### TASK INPUT
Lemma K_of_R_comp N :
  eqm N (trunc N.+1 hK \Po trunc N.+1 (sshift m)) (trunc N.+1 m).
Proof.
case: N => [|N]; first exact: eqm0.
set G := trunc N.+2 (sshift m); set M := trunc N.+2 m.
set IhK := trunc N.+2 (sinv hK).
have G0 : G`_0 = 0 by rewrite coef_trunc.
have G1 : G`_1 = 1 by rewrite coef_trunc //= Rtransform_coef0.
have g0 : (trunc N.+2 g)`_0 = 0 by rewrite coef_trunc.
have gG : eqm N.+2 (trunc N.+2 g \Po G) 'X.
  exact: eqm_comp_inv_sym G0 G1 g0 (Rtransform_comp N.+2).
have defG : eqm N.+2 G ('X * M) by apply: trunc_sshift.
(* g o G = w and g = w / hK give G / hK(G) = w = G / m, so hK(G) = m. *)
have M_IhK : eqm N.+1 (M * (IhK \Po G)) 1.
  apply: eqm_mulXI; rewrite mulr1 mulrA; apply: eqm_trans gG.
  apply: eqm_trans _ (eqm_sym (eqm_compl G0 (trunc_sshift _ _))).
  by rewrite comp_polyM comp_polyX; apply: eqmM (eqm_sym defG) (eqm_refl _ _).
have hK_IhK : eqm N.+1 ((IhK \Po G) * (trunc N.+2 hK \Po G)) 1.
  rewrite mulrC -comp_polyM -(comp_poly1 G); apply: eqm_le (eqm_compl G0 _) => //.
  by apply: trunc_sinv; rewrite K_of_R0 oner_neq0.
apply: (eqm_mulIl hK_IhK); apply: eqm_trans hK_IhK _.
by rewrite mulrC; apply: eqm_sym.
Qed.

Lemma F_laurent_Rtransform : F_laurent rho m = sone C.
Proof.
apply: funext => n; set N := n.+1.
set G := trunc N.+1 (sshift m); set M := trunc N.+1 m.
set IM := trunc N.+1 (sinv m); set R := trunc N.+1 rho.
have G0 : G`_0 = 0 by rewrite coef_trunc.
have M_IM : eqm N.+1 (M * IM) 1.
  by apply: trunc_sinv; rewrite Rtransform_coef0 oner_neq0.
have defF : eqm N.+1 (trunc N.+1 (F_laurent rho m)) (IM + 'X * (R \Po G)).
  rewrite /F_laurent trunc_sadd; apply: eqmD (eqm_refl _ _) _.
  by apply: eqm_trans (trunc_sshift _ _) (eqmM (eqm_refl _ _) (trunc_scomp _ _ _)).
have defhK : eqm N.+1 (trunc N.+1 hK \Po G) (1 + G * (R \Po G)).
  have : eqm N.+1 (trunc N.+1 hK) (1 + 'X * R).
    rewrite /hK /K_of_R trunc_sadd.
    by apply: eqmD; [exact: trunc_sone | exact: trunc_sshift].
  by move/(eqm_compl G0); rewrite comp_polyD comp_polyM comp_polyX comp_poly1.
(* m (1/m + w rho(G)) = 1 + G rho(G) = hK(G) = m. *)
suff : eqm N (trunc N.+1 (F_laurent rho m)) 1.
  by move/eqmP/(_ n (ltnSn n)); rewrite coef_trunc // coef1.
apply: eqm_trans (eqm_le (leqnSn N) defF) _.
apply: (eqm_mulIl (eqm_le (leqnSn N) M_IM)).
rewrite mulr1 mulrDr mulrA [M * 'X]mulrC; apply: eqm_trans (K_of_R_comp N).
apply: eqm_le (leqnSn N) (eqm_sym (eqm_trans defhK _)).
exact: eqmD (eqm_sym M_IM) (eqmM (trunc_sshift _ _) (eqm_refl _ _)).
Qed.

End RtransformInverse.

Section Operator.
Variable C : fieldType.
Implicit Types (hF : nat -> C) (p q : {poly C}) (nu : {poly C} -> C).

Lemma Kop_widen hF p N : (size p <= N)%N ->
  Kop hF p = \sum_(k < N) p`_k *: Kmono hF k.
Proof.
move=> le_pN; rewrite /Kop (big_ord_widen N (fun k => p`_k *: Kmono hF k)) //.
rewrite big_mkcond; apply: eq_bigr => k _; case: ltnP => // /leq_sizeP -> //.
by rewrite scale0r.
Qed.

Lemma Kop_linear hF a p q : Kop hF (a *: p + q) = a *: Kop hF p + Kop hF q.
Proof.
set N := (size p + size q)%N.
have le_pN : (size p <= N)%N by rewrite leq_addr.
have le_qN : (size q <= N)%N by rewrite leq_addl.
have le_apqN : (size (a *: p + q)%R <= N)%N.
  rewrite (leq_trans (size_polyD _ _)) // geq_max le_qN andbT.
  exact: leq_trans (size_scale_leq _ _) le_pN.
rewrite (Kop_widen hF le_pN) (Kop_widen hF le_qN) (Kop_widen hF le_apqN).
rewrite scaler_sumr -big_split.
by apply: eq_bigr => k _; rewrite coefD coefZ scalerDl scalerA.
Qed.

...

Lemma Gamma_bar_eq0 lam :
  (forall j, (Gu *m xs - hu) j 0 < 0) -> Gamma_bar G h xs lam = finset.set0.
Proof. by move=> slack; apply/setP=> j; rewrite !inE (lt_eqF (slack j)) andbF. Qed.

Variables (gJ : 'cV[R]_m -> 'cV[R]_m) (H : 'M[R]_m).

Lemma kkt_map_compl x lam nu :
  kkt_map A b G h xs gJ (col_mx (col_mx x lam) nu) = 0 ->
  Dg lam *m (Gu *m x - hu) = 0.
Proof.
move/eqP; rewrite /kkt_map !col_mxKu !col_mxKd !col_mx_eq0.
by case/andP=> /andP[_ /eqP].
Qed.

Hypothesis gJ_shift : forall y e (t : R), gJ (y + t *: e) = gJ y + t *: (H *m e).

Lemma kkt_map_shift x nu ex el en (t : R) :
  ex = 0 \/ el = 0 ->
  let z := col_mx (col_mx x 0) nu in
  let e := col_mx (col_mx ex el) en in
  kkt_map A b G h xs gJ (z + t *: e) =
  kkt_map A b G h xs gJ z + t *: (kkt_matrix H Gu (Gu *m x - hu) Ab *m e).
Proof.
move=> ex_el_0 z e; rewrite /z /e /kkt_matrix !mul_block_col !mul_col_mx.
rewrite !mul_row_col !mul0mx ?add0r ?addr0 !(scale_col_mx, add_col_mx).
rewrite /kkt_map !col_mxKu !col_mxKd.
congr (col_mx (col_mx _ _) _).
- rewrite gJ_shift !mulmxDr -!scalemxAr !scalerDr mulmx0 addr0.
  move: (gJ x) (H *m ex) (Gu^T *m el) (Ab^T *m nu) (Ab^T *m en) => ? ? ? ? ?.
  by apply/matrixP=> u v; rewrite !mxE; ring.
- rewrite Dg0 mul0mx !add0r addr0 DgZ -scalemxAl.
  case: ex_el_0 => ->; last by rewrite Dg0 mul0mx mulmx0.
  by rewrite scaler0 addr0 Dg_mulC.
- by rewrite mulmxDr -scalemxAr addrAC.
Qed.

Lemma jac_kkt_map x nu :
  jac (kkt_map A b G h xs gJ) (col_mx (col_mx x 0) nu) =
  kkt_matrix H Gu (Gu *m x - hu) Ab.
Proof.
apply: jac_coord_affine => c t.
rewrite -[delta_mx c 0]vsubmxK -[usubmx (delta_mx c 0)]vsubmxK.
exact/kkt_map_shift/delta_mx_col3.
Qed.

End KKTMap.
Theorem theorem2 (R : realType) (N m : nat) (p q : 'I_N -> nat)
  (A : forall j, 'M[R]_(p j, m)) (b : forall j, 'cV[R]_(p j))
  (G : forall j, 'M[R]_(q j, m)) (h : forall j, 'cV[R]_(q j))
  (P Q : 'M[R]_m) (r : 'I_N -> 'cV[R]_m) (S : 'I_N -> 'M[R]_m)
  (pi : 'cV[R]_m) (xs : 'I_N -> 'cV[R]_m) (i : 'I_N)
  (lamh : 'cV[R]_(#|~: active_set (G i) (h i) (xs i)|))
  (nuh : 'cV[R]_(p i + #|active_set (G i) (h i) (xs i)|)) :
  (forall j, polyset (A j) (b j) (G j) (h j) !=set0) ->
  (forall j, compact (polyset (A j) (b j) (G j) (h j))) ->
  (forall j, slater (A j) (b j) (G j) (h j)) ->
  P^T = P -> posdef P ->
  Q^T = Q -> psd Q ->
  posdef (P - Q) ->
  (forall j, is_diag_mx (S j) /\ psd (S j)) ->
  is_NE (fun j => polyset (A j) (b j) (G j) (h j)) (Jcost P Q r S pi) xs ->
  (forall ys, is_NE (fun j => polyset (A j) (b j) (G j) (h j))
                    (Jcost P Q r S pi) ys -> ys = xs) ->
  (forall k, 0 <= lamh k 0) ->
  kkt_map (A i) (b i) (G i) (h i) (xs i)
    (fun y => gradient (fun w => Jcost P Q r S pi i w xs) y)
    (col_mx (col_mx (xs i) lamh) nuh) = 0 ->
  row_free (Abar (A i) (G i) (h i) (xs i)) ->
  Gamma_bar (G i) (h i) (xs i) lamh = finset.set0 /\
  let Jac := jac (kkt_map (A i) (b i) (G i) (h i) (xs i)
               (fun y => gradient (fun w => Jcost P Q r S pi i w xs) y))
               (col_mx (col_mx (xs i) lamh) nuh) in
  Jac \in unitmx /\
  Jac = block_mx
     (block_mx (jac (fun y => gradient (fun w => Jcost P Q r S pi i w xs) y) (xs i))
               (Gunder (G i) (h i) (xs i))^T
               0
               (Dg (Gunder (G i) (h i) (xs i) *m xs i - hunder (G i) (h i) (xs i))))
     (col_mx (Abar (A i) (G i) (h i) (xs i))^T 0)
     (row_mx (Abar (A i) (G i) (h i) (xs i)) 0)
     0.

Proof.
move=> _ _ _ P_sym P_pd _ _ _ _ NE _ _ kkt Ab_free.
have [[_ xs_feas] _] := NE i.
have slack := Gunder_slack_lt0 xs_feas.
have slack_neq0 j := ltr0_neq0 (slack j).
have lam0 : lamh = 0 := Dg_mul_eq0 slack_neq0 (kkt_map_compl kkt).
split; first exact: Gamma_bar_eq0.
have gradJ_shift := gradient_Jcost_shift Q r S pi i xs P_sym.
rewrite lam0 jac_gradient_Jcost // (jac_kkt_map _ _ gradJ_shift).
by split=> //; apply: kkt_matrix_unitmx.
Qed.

### TASK GOAL
Restate word for word only the lines above from the line containing "kkt_matrix H Gu (Gu *m x - hu) Ab." to the line containing "(A : forall", both of them included.

### RESPONSE BELOW
  kkt_matrix H Gu (Gu *m x - hu) Ab.
Proof.
apply: jac_coord_affine => c t.
rewrite -[delta_mx c 0]vsubmxK -[usubmx (delta_mx c 0)]vsubmxK.
exact/kkt_map_shift/delta_mx_col3.
Qed.

End KKTMap.
Theorem theorem2 (R : realType) (N m : nat) (p q : 'I_N -> nat)
  (A : forall j, 'M[R]_(p j, m)) (b : forall j, 'cV[R]_(p j))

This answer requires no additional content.